[Material shown]
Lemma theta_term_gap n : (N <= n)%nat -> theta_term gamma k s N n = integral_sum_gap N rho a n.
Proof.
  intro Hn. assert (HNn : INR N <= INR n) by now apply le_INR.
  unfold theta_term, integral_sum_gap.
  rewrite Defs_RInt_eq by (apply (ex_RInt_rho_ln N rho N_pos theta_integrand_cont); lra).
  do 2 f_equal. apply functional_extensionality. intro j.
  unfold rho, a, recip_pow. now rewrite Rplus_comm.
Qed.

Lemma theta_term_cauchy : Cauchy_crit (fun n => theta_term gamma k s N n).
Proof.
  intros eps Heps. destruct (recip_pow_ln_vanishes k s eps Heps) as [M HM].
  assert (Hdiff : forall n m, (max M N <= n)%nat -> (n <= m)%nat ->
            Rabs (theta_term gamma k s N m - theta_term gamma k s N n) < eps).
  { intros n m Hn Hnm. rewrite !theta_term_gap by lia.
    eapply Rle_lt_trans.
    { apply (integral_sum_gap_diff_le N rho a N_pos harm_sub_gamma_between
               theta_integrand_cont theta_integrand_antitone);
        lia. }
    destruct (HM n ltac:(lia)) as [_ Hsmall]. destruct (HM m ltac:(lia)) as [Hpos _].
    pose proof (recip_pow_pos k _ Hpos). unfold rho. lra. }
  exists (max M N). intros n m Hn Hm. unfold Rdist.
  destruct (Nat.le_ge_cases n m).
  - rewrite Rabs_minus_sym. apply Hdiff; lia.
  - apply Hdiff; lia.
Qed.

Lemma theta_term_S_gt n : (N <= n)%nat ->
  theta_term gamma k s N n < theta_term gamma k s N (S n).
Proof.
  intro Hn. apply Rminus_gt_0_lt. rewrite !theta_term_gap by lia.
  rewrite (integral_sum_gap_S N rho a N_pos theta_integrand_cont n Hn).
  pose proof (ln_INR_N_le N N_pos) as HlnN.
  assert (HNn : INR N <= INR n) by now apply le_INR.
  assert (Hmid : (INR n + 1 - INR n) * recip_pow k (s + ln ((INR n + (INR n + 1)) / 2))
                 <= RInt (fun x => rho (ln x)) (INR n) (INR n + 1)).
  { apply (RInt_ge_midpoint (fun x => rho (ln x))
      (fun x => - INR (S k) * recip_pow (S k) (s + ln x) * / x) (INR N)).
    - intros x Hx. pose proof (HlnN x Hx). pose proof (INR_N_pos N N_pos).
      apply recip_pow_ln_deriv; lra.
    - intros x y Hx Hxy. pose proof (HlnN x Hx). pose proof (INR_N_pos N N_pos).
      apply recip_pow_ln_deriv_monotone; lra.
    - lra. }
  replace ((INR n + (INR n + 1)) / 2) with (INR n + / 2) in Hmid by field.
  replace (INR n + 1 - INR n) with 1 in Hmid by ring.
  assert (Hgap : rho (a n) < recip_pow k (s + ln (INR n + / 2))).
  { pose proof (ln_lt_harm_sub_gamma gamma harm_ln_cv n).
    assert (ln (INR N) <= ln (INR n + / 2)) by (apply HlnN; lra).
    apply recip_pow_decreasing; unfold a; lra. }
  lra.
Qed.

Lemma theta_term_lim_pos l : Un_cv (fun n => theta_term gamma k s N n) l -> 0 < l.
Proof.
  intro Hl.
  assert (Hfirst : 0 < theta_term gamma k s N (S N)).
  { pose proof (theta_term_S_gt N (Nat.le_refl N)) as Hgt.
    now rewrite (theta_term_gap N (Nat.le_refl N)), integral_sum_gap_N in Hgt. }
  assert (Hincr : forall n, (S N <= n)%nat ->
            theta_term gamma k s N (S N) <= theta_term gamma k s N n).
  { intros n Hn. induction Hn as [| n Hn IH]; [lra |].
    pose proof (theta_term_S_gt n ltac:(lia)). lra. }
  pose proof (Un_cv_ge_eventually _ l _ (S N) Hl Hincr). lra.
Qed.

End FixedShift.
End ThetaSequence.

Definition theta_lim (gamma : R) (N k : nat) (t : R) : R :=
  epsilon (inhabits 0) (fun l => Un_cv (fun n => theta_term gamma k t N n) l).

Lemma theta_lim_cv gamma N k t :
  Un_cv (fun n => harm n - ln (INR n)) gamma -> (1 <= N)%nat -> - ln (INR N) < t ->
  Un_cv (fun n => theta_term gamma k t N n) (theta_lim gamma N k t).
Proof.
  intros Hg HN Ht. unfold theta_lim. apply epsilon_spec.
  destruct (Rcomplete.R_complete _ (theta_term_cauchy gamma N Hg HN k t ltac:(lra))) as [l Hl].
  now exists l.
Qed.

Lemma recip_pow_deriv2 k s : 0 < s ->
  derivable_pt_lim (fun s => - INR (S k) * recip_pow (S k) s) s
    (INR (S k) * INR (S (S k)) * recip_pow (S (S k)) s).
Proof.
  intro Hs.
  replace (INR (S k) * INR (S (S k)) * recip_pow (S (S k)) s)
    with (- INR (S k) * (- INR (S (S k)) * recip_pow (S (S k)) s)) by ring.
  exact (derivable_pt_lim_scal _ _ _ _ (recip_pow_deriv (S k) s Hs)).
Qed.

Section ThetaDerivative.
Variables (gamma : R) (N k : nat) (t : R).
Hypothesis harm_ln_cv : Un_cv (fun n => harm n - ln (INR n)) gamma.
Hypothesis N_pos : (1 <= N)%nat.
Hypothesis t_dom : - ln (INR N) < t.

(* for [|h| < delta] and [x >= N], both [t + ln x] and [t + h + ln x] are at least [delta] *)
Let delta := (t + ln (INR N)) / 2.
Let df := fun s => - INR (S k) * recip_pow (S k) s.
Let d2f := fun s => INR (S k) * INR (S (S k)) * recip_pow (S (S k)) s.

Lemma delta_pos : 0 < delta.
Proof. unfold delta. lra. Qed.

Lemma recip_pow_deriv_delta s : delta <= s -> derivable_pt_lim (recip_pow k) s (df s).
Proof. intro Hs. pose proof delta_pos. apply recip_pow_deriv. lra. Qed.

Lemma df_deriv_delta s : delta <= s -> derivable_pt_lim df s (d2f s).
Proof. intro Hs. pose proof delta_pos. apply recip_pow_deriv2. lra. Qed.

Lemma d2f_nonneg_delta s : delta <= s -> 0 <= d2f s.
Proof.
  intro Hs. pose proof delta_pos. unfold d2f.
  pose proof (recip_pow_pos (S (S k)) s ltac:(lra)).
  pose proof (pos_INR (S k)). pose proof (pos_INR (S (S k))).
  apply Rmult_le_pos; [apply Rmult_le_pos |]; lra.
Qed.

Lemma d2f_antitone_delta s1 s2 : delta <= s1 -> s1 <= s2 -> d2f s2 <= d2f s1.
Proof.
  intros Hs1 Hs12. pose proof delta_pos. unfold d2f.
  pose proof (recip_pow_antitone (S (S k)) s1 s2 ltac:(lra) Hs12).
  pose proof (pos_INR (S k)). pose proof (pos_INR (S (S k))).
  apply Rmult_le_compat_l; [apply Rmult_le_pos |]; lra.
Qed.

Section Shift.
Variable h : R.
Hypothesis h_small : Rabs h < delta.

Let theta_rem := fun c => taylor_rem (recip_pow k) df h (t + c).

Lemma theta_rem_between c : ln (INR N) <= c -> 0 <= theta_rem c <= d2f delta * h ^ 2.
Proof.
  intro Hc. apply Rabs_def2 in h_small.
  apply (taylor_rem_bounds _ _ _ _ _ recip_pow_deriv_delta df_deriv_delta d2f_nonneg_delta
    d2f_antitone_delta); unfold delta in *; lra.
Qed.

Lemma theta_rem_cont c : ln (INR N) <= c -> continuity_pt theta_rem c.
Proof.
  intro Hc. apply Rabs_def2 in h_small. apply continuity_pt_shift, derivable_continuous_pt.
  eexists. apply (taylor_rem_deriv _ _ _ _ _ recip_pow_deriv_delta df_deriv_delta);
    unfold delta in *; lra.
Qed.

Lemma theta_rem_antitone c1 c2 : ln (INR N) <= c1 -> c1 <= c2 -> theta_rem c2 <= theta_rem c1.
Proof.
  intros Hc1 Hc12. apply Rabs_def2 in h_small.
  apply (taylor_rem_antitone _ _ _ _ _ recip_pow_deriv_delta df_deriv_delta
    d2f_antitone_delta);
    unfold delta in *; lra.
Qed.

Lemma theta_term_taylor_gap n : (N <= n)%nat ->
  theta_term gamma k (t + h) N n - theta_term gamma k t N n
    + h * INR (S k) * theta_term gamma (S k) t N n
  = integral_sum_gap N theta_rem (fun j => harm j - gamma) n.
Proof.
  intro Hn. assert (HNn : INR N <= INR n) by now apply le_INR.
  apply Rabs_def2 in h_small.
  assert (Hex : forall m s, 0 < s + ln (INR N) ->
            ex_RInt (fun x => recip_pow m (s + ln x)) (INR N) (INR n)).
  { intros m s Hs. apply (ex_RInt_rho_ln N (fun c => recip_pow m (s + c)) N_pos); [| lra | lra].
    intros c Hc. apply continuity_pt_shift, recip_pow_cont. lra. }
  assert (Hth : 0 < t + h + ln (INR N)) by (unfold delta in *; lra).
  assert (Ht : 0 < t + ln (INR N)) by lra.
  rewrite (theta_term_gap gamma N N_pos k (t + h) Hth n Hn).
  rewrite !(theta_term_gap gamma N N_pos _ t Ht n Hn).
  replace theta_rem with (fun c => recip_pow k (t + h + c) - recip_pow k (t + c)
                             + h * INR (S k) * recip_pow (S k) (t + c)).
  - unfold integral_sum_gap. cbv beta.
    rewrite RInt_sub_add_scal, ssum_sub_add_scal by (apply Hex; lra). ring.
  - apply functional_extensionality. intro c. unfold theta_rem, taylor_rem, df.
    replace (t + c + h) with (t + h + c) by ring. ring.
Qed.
[/Material shown]
[Material shown]
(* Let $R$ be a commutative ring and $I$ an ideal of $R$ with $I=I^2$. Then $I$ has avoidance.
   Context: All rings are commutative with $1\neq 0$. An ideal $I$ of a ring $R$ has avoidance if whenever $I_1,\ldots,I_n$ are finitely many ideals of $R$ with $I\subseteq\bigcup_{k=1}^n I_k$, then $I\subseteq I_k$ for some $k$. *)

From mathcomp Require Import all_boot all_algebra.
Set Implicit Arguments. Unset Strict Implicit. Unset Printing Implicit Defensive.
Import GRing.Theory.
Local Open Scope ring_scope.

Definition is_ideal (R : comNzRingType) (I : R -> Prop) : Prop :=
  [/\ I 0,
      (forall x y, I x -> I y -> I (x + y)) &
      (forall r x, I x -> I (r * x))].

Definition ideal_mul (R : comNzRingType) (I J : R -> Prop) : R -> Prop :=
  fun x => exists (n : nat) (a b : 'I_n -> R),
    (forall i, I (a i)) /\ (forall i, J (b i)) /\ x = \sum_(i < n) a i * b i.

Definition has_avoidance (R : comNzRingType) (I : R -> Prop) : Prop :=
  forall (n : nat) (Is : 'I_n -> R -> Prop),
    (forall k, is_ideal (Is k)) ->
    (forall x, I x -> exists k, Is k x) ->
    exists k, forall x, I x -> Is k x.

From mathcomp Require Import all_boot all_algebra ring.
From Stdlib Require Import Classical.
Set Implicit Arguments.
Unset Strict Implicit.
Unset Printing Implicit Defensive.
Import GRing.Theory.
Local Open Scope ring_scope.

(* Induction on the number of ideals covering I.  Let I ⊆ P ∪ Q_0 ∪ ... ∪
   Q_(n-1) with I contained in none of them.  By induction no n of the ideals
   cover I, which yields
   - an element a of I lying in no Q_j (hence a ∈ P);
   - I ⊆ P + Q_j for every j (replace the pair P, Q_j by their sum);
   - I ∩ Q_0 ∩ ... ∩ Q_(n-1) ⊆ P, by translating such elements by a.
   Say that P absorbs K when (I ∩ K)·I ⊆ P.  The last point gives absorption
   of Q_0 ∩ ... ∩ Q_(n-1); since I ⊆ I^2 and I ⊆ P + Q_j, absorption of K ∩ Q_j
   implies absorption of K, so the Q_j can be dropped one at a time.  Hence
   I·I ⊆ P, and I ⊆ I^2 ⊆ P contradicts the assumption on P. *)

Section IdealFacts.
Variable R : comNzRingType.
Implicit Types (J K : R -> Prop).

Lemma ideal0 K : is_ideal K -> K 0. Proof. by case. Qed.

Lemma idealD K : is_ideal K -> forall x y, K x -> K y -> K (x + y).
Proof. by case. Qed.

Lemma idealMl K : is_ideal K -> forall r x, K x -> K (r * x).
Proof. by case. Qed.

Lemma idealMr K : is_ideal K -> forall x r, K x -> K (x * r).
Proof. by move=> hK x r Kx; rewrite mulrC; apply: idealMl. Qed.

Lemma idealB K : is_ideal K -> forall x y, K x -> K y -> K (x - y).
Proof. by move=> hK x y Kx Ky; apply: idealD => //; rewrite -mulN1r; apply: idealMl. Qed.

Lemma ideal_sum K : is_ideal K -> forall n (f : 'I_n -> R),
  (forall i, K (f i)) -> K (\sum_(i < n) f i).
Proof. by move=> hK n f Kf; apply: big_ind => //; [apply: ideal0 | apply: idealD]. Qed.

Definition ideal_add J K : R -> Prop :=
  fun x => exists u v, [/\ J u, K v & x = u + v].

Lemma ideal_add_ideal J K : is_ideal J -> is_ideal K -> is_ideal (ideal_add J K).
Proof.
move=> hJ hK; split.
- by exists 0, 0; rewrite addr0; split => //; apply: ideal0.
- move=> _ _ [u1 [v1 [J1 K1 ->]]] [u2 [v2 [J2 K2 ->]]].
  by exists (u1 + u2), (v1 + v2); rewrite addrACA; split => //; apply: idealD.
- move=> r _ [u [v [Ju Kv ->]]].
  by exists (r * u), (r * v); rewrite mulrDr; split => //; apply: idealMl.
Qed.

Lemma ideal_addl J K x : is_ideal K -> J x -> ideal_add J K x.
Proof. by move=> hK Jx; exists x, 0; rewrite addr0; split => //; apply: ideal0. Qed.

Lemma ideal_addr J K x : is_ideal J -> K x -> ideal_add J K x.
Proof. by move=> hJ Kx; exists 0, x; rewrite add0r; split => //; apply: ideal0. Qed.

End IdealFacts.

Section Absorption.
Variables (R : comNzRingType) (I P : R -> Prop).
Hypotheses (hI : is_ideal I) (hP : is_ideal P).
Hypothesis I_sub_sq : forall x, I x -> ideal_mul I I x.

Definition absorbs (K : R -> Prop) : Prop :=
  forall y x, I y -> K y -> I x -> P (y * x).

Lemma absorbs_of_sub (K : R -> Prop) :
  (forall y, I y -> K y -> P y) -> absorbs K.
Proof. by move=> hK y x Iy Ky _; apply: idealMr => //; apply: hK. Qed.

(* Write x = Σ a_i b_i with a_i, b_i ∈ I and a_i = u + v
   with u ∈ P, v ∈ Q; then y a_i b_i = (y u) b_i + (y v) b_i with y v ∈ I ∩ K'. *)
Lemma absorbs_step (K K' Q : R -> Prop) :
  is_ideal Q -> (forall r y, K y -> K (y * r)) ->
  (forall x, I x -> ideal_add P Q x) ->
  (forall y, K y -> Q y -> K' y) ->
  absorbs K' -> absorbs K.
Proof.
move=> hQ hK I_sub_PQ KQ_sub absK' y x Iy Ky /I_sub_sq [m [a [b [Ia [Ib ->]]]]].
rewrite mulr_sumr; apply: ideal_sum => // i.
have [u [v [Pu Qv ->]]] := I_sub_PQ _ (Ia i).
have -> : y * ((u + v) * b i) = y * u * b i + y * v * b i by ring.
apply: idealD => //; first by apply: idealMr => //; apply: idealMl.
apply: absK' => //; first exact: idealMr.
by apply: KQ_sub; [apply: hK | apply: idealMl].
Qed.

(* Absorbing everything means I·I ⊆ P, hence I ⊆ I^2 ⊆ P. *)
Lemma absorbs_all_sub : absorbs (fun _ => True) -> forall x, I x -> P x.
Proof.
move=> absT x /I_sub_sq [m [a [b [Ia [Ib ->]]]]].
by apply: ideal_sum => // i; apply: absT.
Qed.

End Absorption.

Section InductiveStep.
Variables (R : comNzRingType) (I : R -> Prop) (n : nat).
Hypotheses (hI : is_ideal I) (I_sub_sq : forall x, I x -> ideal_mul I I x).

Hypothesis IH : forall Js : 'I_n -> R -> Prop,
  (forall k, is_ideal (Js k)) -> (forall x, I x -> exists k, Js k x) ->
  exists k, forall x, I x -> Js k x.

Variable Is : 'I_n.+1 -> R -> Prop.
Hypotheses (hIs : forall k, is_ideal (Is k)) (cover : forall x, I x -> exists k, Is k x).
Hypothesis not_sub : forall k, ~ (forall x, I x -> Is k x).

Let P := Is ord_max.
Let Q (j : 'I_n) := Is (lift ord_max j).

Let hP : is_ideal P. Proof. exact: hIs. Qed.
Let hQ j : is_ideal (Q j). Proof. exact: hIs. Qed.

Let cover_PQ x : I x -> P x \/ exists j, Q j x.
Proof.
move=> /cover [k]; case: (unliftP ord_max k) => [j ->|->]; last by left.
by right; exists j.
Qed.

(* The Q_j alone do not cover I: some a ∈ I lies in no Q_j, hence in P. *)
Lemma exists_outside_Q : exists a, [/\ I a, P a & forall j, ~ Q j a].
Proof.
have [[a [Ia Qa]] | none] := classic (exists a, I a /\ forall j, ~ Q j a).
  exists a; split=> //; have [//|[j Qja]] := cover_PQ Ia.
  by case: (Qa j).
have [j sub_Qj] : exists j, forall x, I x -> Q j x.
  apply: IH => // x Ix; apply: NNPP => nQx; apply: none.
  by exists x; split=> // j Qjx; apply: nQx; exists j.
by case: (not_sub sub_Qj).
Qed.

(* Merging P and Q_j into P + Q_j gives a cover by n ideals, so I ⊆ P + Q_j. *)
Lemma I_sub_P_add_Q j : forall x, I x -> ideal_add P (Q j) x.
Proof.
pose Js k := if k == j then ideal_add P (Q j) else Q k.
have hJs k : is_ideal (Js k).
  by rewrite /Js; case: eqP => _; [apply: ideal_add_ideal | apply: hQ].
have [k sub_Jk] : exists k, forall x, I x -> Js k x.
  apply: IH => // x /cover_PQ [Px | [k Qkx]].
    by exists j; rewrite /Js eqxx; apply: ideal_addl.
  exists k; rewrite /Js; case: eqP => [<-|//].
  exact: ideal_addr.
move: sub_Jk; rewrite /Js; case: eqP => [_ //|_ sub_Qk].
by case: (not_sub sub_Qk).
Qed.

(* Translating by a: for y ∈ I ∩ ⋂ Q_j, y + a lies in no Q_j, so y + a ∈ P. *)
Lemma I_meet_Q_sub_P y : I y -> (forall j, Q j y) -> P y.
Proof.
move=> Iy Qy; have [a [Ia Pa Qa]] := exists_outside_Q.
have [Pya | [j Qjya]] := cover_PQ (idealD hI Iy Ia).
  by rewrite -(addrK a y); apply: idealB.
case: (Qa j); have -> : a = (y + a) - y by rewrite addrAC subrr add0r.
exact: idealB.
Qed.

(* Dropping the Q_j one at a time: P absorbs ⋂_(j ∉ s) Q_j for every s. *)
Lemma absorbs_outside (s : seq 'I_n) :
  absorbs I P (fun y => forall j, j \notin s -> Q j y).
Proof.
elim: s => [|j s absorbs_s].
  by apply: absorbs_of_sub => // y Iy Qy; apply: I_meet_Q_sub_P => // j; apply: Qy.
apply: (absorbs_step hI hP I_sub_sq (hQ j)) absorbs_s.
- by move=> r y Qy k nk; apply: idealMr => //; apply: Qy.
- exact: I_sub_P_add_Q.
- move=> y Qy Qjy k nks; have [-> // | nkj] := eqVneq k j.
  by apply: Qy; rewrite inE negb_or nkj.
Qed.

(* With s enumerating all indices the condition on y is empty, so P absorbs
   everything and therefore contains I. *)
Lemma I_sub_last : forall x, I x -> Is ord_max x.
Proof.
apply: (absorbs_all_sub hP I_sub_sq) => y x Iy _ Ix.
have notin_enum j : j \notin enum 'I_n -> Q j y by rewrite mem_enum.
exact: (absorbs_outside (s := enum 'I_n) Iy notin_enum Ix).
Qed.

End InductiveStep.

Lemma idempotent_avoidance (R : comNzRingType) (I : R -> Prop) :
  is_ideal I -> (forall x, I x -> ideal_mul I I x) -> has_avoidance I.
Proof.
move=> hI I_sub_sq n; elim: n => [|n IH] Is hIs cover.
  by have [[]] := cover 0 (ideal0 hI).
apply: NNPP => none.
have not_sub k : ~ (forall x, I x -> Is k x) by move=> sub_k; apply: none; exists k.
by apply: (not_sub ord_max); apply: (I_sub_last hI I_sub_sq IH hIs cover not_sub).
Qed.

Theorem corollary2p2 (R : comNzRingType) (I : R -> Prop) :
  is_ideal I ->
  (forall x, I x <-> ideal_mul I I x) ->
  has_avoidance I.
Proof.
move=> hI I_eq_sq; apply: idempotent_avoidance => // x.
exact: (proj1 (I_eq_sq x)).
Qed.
[/Material shown]
[Material shown]
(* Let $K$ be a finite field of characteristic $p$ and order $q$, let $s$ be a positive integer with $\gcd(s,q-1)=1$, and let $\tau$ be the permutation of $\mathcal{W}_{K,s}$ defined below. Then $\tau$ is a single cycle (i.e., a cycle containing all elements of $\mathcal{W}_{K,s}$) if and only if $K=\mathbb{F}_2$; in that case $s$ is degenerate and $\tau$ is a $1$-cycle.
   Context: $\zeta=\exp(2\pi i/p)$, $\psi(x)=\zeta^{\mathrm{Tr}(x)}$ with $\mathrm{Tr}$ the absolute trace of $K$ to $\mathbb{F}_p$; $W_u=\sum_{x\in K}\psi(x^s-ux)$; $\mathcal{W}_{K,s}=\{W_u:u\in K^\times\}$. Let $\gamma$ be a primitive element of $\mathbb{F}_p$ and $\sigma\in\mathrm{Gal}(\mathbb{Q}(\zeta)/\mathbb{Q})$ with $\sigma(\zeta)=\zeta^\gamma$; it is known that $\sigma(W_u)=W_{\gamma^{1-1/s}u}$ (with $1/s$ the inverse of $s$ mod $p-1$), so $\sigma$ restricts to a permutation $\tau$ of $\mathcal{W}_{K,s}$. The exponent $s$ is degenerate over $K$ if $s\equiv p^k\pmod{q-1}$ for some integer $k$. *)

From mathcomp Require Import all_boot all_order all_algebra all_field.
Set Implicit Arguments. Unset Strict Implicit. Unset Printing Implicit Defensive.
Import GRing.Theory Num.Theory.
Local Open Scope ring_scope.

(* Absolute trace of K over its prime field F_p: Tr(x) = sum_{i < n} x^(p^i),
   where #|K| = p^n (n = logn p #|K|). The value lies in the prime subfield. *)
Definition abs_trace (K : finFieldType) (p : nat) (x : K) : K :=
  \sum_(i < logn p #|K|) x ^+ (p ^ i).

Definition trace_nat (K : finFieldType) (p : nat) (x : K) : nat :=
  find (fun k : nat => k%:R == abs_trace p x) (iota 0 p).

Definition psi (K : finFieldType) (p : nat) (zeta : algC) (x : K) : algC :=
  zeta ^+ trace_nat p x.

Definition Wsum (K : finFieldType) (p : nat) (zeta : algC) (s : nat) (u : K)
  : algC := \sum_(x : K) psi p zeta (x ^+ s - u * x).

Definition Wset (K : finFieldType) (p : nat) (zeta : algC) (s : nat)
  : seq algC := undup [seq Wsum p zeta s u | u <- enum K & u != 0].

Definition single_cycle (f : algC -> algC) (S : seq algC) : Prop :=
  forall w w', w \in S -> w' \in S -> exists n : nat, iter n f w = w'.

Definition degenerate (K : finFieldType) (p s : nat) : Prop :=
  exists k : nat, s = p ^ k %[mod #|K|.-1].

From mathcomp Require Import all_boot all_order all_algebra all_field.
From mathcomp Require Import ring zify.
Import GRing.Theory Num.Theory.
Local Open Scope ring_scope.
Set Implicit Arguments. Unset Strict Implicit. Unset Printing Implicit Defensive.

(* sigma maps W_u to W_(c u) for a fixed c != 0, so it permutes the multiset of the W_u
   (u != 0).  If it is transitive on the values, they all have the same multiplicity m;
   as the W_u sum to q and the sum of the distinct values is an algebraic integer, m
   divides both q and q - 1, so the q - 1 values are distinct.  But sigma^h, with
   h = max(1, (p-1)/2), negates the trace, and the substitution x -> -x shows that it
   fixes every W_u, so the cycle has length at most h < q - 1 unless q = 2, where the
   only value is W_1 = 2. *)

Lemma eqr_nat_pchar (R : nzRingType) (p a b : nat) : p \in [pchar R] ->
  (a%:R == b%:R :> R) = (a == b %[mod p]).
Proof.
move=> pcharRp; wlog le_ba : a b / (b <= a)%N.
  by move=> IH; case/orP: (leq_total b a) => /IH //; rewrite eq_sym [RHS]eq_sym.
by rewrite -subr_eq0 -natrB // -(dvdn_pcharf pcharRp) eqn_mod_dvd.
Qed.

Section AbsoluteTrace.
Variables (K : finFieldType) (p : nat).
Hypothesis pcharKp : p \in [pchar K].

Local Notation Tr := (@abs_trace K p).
[/Material shown]
### Required action
Search the records for the word "gives". Copy every line that has it.

### Exercise response
   Say that P absorbs K when (I ∩ K)·I ⊆ P.  The last point gives absorption
(* Merging P and Q_j into P + Q_j gives a cover by n ideals, so I ⊆ P + Q_j. *)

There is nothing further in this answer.